Collected data:
● ● ● ●

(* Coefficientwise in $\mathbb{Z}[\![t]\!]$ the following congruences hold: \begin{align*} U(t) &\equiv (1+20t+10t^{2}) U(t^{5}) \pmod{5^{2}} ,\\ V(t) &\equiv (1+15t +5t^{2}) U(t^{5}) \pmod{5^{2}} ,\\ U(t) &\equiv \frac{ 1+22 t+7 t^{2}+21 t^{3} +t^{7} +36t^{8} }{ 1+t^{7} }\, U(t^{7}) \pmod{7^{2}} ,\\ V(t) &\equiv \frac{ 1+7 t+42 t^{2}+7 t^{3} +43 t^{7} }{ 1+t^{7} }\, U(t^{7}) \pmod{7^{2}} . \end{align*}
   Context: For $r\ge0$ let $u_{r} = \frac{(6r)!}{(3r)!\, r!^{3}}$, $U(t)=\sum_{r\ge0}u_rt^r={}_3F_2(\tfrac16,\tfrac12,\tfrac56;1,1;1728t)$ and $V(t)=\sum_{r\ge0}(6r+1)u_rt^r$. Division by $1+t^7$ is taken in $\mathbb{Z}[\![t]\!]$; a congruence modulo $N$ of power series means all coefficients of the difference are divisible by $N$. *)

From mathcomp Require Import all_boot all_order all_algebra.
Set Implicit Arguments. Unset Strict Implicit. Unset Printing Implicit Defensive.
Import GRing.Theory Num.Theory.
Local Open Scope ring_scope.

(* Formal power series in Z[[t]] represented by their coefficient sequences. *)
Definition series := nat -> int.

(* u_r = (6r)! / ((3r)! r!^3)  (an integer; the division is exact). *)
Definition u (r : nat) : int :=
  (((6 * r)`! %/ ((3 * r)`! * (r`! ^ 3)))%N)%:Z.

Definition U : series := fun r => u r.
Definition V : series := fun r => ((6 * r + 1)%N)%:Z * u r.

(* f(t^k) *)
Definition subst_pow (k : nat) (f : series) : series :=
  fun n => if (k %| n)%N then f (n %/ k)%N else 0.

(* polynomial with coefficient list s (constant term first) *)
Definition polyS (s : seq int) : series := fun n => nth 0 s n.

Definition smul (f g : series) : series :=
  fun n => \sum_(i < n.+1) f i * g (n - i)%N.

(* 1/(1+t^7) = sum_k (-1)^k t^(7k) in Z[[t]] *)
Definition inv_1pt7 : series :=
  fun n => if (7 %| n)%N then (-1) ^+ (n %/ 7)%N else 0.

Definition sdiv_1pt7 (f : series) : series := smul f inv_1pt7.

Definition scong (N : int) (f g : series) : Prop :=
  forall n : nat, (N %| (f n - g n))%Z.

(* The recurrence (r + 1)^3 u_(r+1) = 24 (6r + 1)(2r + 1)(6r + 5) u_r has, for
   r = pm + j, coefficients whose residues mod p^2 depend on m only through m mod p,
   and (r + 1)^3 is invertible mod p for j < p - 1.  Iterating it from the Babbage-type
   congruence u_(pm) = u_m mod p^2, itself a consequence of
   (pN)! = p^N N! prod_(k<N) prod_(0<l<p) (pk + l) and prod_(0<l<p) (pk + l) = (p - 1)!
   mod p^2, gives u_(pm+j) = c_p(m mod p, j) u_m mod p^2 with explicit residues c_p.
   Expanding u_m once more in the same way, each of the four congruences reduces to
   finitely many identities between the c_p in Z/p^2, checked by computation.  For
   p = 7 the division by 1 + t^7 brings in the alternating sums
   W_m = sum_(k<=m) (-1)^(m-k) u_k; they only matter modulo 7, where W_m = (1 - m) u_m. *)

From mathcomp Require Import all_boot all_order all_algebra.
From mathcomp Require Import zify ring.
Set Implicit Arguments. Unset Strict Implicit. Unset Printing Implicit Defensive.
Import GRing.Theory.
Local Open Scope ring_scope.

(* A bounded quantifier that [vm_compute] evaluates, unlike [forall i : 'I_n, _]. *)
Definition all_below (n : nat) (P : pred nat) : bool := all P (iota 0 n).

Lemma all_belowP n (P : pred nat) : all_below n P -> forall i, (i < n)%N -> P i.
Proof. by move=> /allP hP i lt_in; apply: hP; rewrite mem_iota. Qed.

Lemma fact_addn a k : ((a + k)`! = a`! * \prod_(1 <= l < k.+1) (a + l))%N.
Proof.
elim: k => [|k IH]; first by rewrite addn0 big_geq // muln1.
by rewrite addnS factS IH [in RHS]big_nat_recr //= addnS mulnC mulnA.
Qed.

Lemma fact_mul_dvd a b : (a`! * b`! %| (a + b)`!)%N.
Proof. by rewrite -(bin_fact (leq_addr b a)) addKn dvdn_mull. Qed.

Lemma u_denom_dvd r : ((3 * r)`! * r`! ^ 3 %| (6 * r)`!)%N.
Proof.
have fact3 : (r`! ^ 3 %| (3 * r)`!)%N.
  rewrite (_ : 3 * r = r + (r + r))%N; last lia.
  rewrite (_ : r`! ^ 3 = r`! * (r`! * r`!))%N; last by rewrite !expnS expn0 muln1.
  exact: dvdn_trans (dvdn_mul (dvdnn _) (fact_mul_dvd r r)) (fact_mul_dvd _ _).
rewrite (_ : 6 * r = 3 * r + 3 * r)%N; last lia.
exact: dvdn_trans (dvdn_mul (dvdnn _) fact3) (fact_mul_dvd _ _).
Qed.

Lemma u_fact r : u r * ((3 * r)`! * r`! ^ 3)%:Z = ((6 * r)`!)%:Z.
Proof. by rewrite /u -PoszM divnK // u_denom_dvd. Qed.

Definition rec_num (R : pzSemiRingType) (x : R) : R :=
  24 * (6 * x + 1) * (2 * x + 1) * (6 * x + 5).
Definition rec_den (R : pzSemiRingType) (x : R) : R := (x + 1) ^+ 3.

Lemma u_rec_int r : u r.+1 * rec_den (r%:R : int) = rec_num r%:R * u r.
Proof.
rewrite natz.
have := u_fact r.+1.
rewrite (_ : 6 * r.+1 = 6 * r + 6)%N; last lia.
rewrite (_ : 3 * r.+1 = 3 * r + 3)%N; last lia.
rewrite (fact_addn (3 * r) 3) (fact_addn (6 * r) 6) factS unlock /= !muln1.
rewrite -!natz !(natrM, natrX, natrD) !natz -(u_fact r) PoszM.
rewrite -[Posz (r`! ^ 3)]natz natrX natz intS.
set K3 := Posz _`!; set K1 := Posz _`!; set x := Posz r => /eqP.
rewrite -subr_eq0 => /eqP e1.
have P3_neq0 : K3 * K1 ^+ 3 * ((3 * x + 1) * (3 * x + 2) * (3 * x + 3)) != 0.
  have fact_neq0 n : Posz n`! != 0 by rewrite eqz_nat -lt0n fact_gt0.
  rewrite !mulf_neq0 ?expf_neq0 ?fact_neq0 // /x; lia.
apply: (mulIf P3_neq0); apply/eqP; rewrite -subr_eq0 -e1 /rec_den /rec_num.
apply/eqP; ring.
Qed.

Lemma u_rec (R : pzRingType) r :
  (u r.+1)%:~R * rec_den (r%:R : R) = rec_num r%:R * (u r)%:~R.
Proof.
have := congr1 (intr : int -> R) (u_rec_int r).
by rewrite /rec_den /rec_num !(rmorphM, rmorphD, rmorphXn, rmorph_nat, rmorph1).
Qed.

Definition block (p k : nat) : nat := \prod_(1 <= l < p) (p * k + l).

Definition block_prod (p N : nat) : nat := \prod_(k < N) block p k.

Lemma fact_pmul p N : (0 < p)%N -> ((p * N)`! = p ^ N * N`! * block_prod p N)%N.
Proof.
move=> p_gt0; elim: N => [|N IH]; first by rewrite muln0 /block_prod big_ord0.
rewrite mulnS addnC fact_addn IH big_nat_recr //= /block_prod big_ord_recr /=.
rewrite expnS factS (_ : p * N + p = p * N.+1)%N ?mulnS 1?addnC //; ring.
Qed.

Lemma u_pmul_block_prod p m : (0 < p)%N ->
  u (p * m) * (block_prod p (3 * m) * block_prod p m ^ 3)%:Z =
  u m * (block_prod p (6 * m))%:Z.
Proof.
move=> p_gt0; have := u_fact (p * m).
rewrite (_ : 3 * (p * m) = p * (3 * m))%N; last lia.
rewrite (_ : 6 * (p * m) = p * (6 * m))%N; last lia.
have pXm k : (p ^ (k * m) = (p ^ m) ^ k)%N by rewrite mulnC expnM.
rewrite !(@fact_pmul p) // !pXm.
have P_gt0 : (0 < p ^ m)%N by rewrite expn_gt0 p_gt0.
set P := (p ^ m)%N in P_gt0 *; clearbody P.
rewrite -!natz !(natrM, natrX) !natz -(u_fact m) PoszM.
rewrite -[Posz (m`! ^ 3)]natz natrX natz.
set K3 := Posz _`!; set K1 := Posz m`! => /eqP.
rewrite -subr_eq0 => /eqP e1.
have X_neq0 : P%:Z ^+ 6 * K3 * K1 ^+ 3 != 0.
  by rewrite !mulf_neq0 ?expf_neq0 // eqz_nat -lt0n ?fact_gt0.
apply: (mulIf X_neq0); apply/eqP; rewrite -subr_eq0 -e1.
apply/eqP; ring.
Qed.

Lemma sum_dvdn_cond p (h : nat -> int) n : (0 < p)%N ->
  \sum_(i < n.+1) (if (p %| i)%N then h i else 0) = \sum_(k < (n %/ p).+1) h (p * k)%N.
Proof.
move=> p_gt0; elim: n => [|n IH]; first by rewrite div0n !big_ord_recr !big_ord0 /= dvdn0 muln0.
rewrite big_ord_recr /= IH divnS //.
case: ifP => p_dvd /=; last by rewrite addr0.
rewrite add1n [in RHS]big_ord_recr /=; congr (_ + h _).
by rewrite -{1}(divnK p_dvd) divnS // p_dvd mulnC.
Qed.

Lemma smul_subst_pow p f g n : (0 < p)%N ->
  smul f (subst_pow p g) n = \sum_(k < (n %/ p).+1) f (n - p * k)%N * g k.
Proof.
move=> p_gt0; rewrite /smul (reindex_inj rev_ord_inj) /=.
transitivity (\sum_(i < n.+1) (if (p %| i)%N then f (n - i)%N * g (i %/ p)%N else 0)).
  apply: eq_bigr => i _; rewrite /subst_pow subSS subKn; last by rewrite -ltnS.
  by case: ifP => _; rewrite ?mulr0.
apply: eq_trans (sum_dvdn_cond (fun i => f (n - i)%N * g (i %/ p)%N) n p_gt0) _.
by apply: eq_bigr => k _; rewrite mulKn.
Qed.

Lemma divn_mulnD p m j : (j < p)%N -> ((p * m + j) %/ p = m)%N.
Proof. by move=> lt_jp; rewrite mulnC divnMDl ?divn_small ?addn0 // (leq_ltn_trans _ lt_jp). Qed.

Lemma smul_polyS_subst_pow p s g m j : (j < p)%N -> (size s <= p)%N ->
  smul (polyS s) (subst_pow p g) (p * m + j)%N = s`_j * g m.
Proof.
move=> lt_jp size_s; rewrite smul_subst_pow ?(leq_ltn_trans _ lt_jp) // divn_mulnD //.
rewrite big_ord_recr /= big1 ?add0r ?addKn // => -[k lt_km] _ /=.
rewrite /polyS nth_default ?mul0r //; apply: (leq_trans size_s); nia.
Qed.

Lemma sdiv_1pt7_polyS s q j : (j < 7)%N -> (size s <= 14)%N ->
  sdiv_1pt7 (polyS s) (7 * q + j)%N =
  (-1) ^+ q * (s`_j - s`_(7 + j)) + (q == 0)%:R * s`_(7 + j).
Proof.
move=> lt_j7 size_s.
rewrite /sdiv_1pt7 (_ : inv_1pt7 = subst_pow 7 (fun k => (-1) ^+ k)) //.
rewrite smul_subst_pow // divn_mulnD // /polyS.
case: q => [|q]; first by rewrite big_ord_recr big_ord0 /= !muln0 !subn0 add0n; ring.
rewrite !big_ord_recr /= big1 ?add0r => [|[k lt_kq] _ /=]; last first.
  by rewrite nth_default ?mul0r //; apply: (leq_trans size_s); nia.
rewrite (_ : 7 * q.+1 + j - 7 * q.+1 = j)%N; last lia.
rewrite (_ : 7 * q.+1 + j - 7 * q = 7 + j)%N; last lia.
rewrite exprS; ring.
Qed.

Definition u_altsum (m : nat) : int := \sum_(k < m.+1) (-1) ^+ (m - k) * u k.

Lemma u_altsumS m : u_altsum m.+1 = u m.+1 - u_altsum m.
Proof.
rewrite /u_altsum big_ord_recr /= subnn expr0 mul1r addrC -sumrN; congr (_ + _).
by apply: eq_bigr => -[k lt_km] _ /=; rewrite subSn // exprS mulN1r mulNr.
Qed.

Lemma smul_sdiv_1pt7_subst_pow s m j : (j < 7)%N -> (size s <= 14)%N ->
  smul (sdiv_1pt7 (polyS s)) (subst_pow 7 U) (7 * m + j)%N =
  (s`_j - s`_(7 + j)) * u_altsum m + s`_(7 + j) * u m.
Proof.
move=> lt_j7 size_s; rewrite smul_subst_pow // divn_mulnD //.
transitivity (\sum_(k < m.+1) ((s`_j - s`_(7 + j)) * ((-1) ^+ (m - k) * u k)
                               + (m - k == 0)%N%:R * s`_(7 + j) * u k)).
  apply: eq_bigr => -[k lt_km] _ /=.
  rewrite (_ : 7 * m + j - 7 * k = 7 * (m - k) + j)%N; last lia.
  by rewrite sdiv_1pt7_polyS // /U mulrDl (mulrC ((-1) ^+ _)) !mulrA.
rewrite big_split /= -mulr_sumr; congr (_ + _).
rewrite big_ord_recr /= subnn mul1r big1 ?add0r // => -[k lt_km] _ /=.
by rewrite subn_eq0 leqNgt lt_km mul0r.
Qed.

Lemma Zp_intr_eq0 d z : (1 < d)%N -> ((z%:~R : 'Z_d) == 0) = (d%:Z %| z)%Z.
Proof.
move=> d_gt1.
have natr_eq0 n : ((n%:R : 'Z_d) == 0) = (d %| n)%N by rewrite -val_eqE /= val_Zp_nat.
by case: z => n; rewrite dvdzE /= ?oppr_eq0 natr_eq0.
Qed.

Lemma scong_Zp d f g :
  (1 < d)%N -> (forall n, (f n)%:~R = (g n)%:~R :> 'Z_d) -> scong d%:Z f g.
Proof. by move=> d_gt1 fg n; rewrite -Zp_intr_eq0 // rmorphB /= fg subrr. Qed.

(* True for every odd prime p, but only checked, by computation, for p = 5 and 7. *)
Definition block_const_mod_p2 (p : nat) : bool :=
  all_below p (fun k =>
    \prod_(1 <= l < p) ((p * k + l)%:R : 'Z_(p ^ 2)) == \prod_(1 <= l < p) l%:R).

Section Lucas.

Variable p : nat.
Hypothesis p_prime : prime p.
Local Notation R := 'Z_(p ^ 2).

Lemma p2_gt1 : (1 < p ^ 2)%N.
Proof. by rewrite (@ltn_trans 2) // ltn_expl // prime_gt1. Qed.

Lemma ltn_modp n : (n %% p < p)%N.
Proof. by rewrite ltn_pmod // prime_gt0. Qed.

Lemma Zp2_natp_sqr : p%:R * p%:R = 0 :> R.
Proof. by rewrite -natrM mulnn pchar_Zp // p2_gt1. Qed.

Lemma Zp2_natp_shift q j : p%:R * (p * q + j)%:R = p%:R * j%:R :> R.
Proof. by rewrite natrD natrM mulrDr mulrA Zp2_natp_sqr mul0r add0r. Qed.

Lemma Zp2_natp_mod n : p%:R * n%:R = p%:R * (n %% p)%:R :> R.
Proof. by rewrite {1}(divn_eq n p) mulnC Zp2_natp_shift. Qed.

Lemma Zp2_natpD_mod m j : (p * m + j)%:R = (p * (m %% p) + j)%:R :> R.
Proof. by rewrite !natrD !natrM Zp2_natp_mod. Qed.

● ● ● ●

Instructions to follow.
Return, with no change at all, every line in the entries above from the line containing "u m * (block_prod p (6 * m))%:Z." through the line containing "have X_neq0 : P%:Z ^+ 6 * K3 * K1 ^+ 3 != 0.".

Result of this task.
  u m * (block_prod p (6 * m))%:Z.
Proof.
move=> p_gt0; have := u_fact (p * m).
rewrite (_ : 3 * (p * m) = p * (3 * m))%N; last lia.
rewrite (_ : 6 * (p * m) = p * (6 * m))%N; last lia.
have pXm k : (p ^ (k * m) = (p ^ m) ^ k)%N by rewrite mulnC expnM.
rewrite !(@fact_pmul p) // !pXm.
have P_gt0 : (0 < p ^ m)%N by rewrite expn_gt0 p_gt0.
set P := (p ^ m)%N in P_gt0 *; clearbody P.
rewrite -!natz !(natrM, natrX) !natz -(u_fact m) PoszM.
rewrite -[Posz (m`! ^ 3)]natz natrX natz.
set K3 := Posz _`!; set K1 := Posz m`! => /eqP.
rewrite -subr_eq0 => /eqP e1.
have X_neq0 : P%:Z ^+ 6 * K3 * K1 ^+ 3 != 0.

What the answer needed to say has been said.